The essence of the idea is that we capture and tag a particular snapshot of the open-source project. We develop our local modifications to that, and the repository tip incorporates them. But when we want to update to a newer version of the public project, we bring it into the repository in such a way that we can discover the changes from the original snapshot and the new one -- and then apply those deltas to the combined source.

The following material is adapted from the Red Bean Subversion book, but recast for Mercurial.

General Vendor Branch Management Procedure

Initial Setup

Managing vendor branches generally works like this. You create a named branch (such as "vendor") to store the vendor source snapshots. Then you import the third party code into that branch. Your default branch (for example, "default") is based on "vendor". You always make your local changes to the default branch. With each new release of the code you are tracking you bring it into the "vendor" branch and merge the changes into "default", resolving whatever conflicts occur between your local changes and the upstream changes.

Perhaps an example will help to clarify this algorithm. We'll use a scenario where your development team is creating a calculator program that links against a third-party complex number arithmetic library, libcomplex. We'll construct a repository specifically for our locally-modified version of that library. To begin, we must initialize our repository and create at least one file in our "default" branch.

 hg init ourcomplex
 cd ourcomplex
 touch README.txt
 hg add README.txt
 hg commit README.txt

Now we can create the vendor branch and do the import of the first vendor drop. We'll call our vendor branch "vendor", and each successive code drop will be tagged "current".

 hg branch vendor
 tar -xjf ../libcomplex-1.0.tar.bz2
 mv libcomplex-1.0 libcomplex
 hg addremove
 hg commit -m "1.0 source drop"
 hg tag -r tip current
KBcaution.png Important: Some upstream projects package their releases with a version-stamped top-level directory in the tarball. It is essential that we rename the top-level directory without a version number every time we unpack a new tarball.

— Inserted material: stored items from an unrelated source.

(* Let $F:(0,\infty)\times(0,\infty)\to\mathbb{R}$ satisfy Assumption (P) below, let $G$ be the function in (P)(ii), and let $f>0$. (i) Fix $\alpha>0$ and $\beta>0$. If $G(\beta)/\alpha<1/(1+f)$, then the system $$\frac{1-d^A}{1-d^B}=\frac{1}{\beta}G^{-1}\big(\alpha/(1+f)\big),\qquad F\big(\beta(1-d^A),1-d^B\big)=F(\beta,1)$$ admits a unique solution $(d^A,d^B)$ with $d^A\in(0,1)$ and $d^B<0$. If $G(\beta)/\alpha>1+f$, then the system $$\frac{1-d^A}{1-d^B}=\frac{1}{\beta}G^{-1}\big(\alpha(1+f)\big),\qquad F\big(\beta(1-d^A),1-d^B\big)=F(\beta,1)$$ admits a unique solution $(d^A,d^B)$ with $d^A<0$ and $d^B\in(0,1)$. Denote by $(\varphi^A(\alpha,\beta),\varphi^B(\alpha,\beta))$ the solution in these two cases, and set $(\varphi^A(\alpha,\beta),\varphi^B(\alpha,\beta))=(0,0)$ when $G(\beta)/\alpha\in[1/(1+f),1+f]$. Then for $i\in\{A,B\}$, $\varphi^i$ is continuous on $(0,\infty)\times(0,\infty)$ and equals $0$ on the region $\{G(\beta)/\alpha\in[1/(1+f),1+f]\}$; moreover, on the region $\{G(\beta)/\alpha\notin[1/(1+f),1+f]\}$, $\varphi^A(\alpha,\beta)$ is strictly increasing and $\varphi^B(\alpha,\beta)$ is strictly decreasing in each of $\alpha$ and $\beta$. (ii) For any $y^A>0$, $y^B>0$, $a>0$, $b>0$, the optimization problem $$\max_{D^A,D^B}\; a(1+f\mathbf 1_{D^A<0})D^A+b(1+f\mathbf 1_{D^B<0})D^B$$ subject to $F(y^A,y^B)=F(y^A-D^A,y^B-D^B)$, $y^A-D^A>0$, $y^B-D^B>0$, admits a unique solution $(\hat D^A,\hat D^B)$, given by $\hat D^i=\varphi^i(a/b,\,y^A/y^B)\,y^i$ for $i\in\{A,B\}$.
   Context: Assumption (P) on the pricing function $F:(0,\infty)\times(0,\infty)\to\mathbb{R}$: (i) $F$ is continuously differentiable with partial derivatives $F_x(x,y)>0$ and $F_y(x,y)>0$ for all $x,y>0$; (ii) $F_x(x,y)/F_y(x,y)=G(x/y)$ for some continuously differentiable function $G:(0,\infty)\to(0,\infty)$ with $G'(z)<0$ for all $z>0$, $\lim_{z\downarrow0}G(z)=\infty$ and $\lim_{z\uparrow\infty}G(z)=0$; (iii) if $F(x,y)=F(x',y')$ then $F(cx,cy)=F(cx',cy')$ for every $c>0$. $G^{-1}$ denotes the inverse function of $G$. The constant $f>0$ is the unit trading fee; in the optimization problem, $y^A,y^B$ are the pool deposits of assets $A,B$, $D^i$ is the amount of asset $i$ withdrawn from the pool by the trader (negative means deposited), and $a,b$ are the trader's valuations of the assets. *)

From Stdlib Require Import Reals ClassicalEpsilon.
From Coquelicot Require Import Coquelicot.
Open Scope R_scope.

(* Assumption (P) on the pricing function F, with G the function of (P)(ii).
   Only the values of F on (0,oo)^2 and of G on (0,oo) matter. *)
Definition AssumptionP (F : R -> R -> R) (G : R -> R) : Prop :=
  (exists Fx Fy : R -> R -> R,
     forall x y, 0 < x -> 0 < y ->
       is_derive (fun u => F u y) x (Fx x y) /\
       is_derive (fun v => F x v) y (Fy x y) /\
       continuous (fun p : R * R => Fx (fst p) (snd p)) (x, y) /\
       continuous (fun p : R * R => Fy (fst p) (snd p)) (x, y) /\
       0 < Fx x y /\ 0 < Fy x y /\
       Fx x y / Fy x y = G (x / y)) /\
  (exists G' : R -> R,
     forall z, 0 < z ->
       0 < G z /\ is_derive G z (G' z) /\ continuous G' z /\ G' z < 0) /\
  filterlim G (at_right 0) (Rbar_locally p_infty) /\
  is_lim G p_infty 0 /\
  (forall x y x' y', 0 < x -> 0 < y -> 0 < x' -> 0 < y' ->
     F x y = F x' y' -> forall c, 0 < c -> F (c * x) (c * y) = F (c * x') (c * y')).

(* G^{-1} : the (unique, under (P)) z > 0 with G z = v. *)
Definition Ginv (G : R -> R) (v : R) : R :=
  epsilon (inhabits 1) (fun z => 0 < z /\ G z = v).

(* The system of (i) with ratio parameter v (v = alpha/(1+f) or alpha(1+f)). *)
Definition phi_system (F : R -> R -> R) (G : R -> R) (v beta dA dB : R) : Prop :=
  (1 - dA) / (1 - dB) = / beta * Ginv G v /\
  F (beta * (1 - dA)) (1 - dB) = F beta 1.

Definition sol_case1 F G (f alpha beta : R) (d : R * R) : Prop :=
  phi_system F G (alpha / (1 + f)) beta (fst d) (snd d) /\
  0 < fst d < 1 /\ snd d < 0.

Definition sol_case2 F G (f alpha beta : R) (d : R * R) : Prop :=
  phi_system F G (alpha * (1 + f)) beta (fst d) (snd d) /\
  fst d < 0 /\ 0 < snd d < 1.

Definition phi (F : R -> R -> R) (G : R -> R) (f alpha beta : R) : R * R :=
  if Rlt_dec (G beta / alpha) (1 / (1 + f)) then
    epsilon (inhabits (0, 0)) (sol_case1 F G f alpha beta)
  else if Rlt_dec (1 + f) (G beta / alpha) then
    epsilon (inhabits (0, 0)) (sol_case2 F G f alpha beta)
  else (0, 0).

Definition phiA F G f alpha beta : R := fst (phi F G f alpha beta).
Definition phiB F G f alpha beta : R := snd (phi F G f alpha beta).
Lemma ball_map_invK : cancel ball_map_inv ball_map.
Proof.
move=> x; rewrite /ball_map /ball_map_inv.
rewrite (_ : twist _ (twist _ _) = dilate (@shift01_inv R) x); last first.
  rewrite -[RHS](twistK (fun r => - twist_angle r)); congr twist.
  by apply: funext => r; rewrite opprK.
rewrite (dilateK (@shift01_inv_in R)) //.
- exact: shift01_inv0.
- exact: shift01_inv1.
- exact: shift01_0.
- exact: shift01_invK.
Qed.

Lemma vnorm_ball_map x : vnorm (ball_map x) = annulus_map (@shift01 R) (vnorm x).
Proof.
by rewrite vnorm_dilate ?vnorm_twist //; [exact: shift01_in | exact: shift01_0].
Qed.

Lemma ball_map_id x : 1/2 <= vnorm x -> ball_map x = x.
Proof.
move=> x1; rewrite /ball_map /dilate /twist twist_angle_hi // plane_rot0.
by rewrite annulus_scale_hi ?scale1r //; exact: shift01_1.
Qed.

Lemma ball_map_inv_id x : 1/2 <= vnorm x -> ball_map_inv x = x.
Proof. by move=> x1; rewrite -{1}(ball_map_id x1) ball_mapK. Qed.

Lemma ball_map_le_half x : vnorm x <= 1/2 -> vnorm (ball_map x) <= 1/2.
Proof.
move=> x1; rewrite vnorm_ball_map annulus_map_le_half ?vnorm_ge0 //.
- exact: shift01_in.
- exact: shift01_0.
Qed.

Lemma ball_map_inv_le_half x : vnorm x <= 1/2 -> vnorm (ball_map_inv x) <= 1/2.
Proof.
move=> x1; case: (lerP (vnorm (ball_map_inv x)) (1/2)) => // y1.
have := ball_map_id (ltW y1); rewrite ball_map_invK => xE.
by move: y1; rewrite -xE; lra.
Qed.

Lemma ball_map_continuous x : {for x, continuous ball_map}.
Proof.
apply: (@continuous_comp _ _ _ (twist (@twist_angle R)) (dilate (@shift01 R))).
  exact/twist_continuous/twist_angle_continuous.
by apply: dilate_continuous; exact: shift01_continuous.
Qed.

Lemma ball_map_inv_continuous x : {for x, continuous ball_map_inv}.
Proof.
apply: (@continuous_comp _ _ _ (dilate (@shift01_inv R)) (twist _)).
  by apply: dilate_continuous; exact: shift01_inv_continuous.
by apply: twist_continuous => r; apply: continuousN; exact: twist_angle_continuous.
Qed.

Definition orbit_pt (k : nat) : V :=
  orbit_radius R k *: plane_dir i0 i1 (pi *+ 2 * Num.sqrt k.+1%:R).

Why? This whole mechanism is based around Mercurial's ability to identify the edits made by the upstream vendor from one version to the next, and merge them with our local edits.

Consider the alternatives.

  • Let's say we commit libcomplex-1.0, and then in the course of time we make local edits to it. Now the vendor releases libcomplex-1.1, which we desire. We unpack the tarball, commit a whole new libcomplex-1.1 source tree and delete libcomplex-1.0, along with any local edits we've made. No good.
  • Okay, so we've committed libcomplex-1.0, but when we get the new libcomplex-1.1 tarball, we replace it into libcomplex-1.0. That works -- but now the directory name is a lie.
  • The best way forward is to eliminate any version number from the top-level directory name so that we can replace libcomplex-1.0 (in the libcomplex directory) with libcomplex-1.1 (into the libcomplex directory) without fuss.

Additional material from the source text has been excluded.